Solr: Text Analyzers

Text analysis

It does the following

- tokenization

- case normalization

- stemming

- query expansion using synonyms

etc.

Examples of text analyzers

org.apache.lucene.analysis.standard.StandardTokenizerFactory

org.apache.lucene.analysis.core.StopFilterFactory

org.apache.lucene.analysis.synonym.SynonymFilterFactory

org.apache.lucene.analysis.core.LowerCaseFilterFactory

org.apache.lucene.analysis.en.EnglishPossessiveFilterFactory

org.apache.lucene.analysis.miscellaneous.KeywordMarkerFilterFactory

org.apache.lucene.analysis.en.PorterStemFilterFactory

Character Filters (<charFilter>)

Process a stream of text prior to tokenization

- MappingCharFilterFactory (replaces unicode to ascii for example)

- HTMLStripCharFilterFactory (extracts text from html docs)

- PatternReplaceCharFilterFactory (regex pattern)

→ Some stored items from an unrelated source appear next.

Lemma schur_compl_diag_le j : schur_compl M j j <= M (lift 0 j) (lift 0 j).
Proof.
rewrite !mxE lerBlDr big_ord1 !mxE.
have -> : M (lshift n 0) (rshift 1 j) = M 0 (lift 0 j) by congr (M _ _); exact/val_inj.
rewrite (_ : rshift 1 j = lift 0 j); last exact/val_inj.
rewrite lerDl -expr2 mulr_ge0 ?sqr_ge0 // invr_ge0.
exact: ltW.
Qed.

End SchurComplement.

Lemma det_le_prod_diag n (M : 'M[R]_n) :
  M^T = M -> posdefmx M -> \det M <= \prod_i M i i.
Proof.
elim: n M => [|n IH] M symM pdM; first by rewrite det_mx00 big_ord0.
have c_gt0 := posdefmx_diag_gt0 pdM 0.
rewrite big_ord_recl (det_schur_compl symM (lt0r_neq0 c_gt0)) ler_pM2l //.
apply: le_trans (IH _ (schur_compl_sym symM) (posdefmx_schur_compl symM pdM)) _.
apply: ler_prod => j _.
by rewrite (ltW (posdefmx_diag_gt0 (posdefmx_schur_compl symM pdM) _)) schur_compl_diag_le.
Qed.

Lemma mulmx_tr_diagE m n (A : 'M[R]_(m, n)) i :
  (A *m A^T) i i = eucl_norm (row i A) ^+ 2.
Proof. by rewrite eucl_norm_sqr mxE; apply: eq_bigr => j _; rewrite !mxE expr2. Qed.

Lemma posdefmx_mulmx_tr n (A : 'M[R]_n) : A \in unitmx -> posdefmx (A *m A^T).
Proof.
move=> Au x x0; rewrite mulmxA -[_ *m x^T]mulmxA -trmx_mul mulmx_tr_rvE.
rewrite exprn_gt0 // eucl_norm_gt0 //.
by apply: contraNneq x0 => xA0; rewrite -(mulmxK Au x) xA0 mul0mx.
Qed.

Lemma hadamard_ineq n (A : 'M[R]_n) : `|\det A| <= \prod_i eucl_norm (row i A).
Proof.
have [Au|] := boolP (A \in unitmx); last first.
  rewrite unitmxE unitfE negbK => /eqP ->; rewrite normr0.
  by apply: prodr_ge0 => i _; exact: eucl_norm_ge0.
rewrite -ler_sqr ?nnegrE ?normr_ge0 //; last by apply: prodr_ge0 => i _; exact: eucl_norm_ge0.
rewrite real_normK ?num_real // -prodrXl expr2 -{2}det_tr -det_mulmx.
under eq_bigr do rewrite -mulmx_tr_diagE.
apply: det_le_prod_diag; last exact: posdefmx_mulmx_tr.
by rewrite trmx_mul trmxK.
Qed.

Lemma det_le_row_bound n (A : 'M[R]_n) L :
  (forall i, eucl_norm (row i A) <= L) -> `|\det A| <= L ^+ n.
Proof.
move=> rowL; apply: le_trans (hadamard_ineq A) _.
rewrite -[n in L ^+ n]card_ord -prodr_const.
by apply: ler_prod => i _; rewrite eucl_norm_ge0 rowL.
Qed.

End Hadamard.

Section JacobianComp.
Variable R : numFieldType.

Lemma jacobian_comp m n p (f : 'rV[R]_m -> 'rV[R]_n) (g : 'rV[R]_n -> 'rV[R]_p) a :
  differentiable f a -> differentiable g (f a) ->
  jacobian (g \o f) a = jacobian f a *m jacobian g (f a).
Proof.
move=> df dg; apply/row_matrixP => i.
by rewrite !rowE mulmxA /jacobian !mul_rV_lin1 diff_comp.
Qed.

Lemma jacobian_id n (a : 'rV[R]_n) : jacobian id a = 1%:M.
Proof.
apply/row_matrixP => i; rewrite !rowE /jacobian mul_rV_lin1 mulmx1.
by rewrite diff_val.
Qed.

Lemma det_jacobian_cancel n (f g : 'rV[R]_n -> 'rV[R]_n) a :
  cancel g f -> differentiable g a -> differentiable f (g a) ->
  \det (jacobian g a) * \det (jacobian f (g a)) = 1.
Proof.
move=> gK dg df; rewrite -det_mulmx -jacobian_comp //.
have -> : f \o g = id by apply: funext => x /=; rewrite gK.
by rewrite jacobian_id det1.
Qed.

End JacobianComp.

Section LipschitzJacobian.
Local Open Scope classical_set_scope.
Variables (R : realType) (s : nat).
Implicit Types (f : 'rV[R]_s -> 'rV[R]_s) (L : R).

Lemma derive_lipschitz_le f L a v :
  eucl_lipschitz L f -> derivable f a v -> eucl_norm ('D_v f a) <= L * eucl_norm v.
Proof.
move=> Lf dfv.
have closed_ball : closed [set w : 'rV[R]_s | eucl_norm w <= L * eucl_norm v].
  apply: (@preimage_closed _ _ (@eucl_norm R s) [set x | x <= L * eucl_norm v]).
    by move=> w _; exact: eucl_norm_continuous.
  exact: closed_le.
have quotient_cvg :
    (fun h : R => h^-1 *: ((f \o shift a) (h *: v) - f a)) @ 0^' --> 'D_v f a.
  exact: dfv.
apply: (closed_cvg _ closed_ball _ _ quotient_cvg).
near=> h.
have h0 : h != 0 by near: h; exact: nbhs_dnbhs_neq.
rewrite /= eucl_normZ normfV mulrC ler_pdivrMr ?normr_gt0 //.
apply: le_trans (Lf _ _) _.
by rewrite addrK eucl_normZ mulrCA mulrC.
Unshelve. all: by end_near.
Qed.

Lemma det_jacobian_le f L a :
  eucl_lipschitz L f -> differentiable f a -> `|\det (jacobian f a)| <= L ^+ s.
Proof.
move=> Lf df; apply: det_le_row_bound => i.
rewrite rowE -deriveEjacobian //.
have := derive_lipschitz_le Lf (diff_derivable (v := delta_mx 0 i) df).
by rewrite eucl_norm_delta mulr1.
Qed.

End LipschitzJacobian.

Lemma eucl_lipschitz_gt0 (R : realType) n (f : 'rV[R]_n.+1 -> 'rV[R]_n.+1) L :
  injective f -> eucl_lipschitz L f -> 0 < L.
Proof.
move=> f_inj Lf; have := Lf (delta_mx 0 0) 0; rewrite subr0 eucl_norm_delta mulr1.
by apply: lt_le_trans; rewrite eucl_norm_gt0 // subr_eq0 (inj_eq f_inj) delta_mx_neq0.
Qed.

Section IsotropicNormal.
Variables (R : realType) (s : nat).
Implicit Types (mu p x y : 'rV[R]_s).

Lemma std_normal_pdf_ge0 x : 0 <= std_normal_pdf x.
Proof. by rewrite mulr_ge0 ?expR_ge0 // exprn_ge0 // invr_ge0 sqrtr_ge0. Qed.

Tokenization (<tokenizer>)

Takes text in the form of a character stream and splits it into tokens, most of the time skipping insignificant bits like whitespace and joining punctuation.

- KeywordTokenizerFactory

- WhitespaceTokenizerFactory

- StandardTokenizerFactory

- UAX29URLEmailTokenizer (This behaves like StandardTokenizer with the additional property of recognizing e-mail addresses and URLs as single tokens)

- ClassicTokenizerFactory

- LetterTokenizerFactory

- LowerCaseTokenizerFactory

- PatternTokenizerFactory

- PathHierarchyTokenizerFactory

Find more details https://wiki.apache.org/solr/AnalyzersTokenizersTokenFilters

Filtering <filter>

Consume one stream of tokens, known as TokenStream, and generate another. Hence, they can be chained one after another indefinitely. A token filter may be used to perform complex analysis by processing multiple tokens in the stream at once but in most cases it processes each token sequentially and decides to consider, replace, or ignore the token.

Stemming

Stemming is the process of reducing inflected or sometimes derived words to their stem, base, or root form, for example, a stemming algorithm might reduce running and runs, to just run. If you want to improve the precision of search results but retain the recall benefit s, you should consider indexing the data in two fields, one stemmed and the other not stemmed. stemming is language specific.

Stemmers in English

- SnowballPorterFilterFactory

- PorterStemFilterFactory

- KStemFilterFactory (less aggressive than PorterStemmer)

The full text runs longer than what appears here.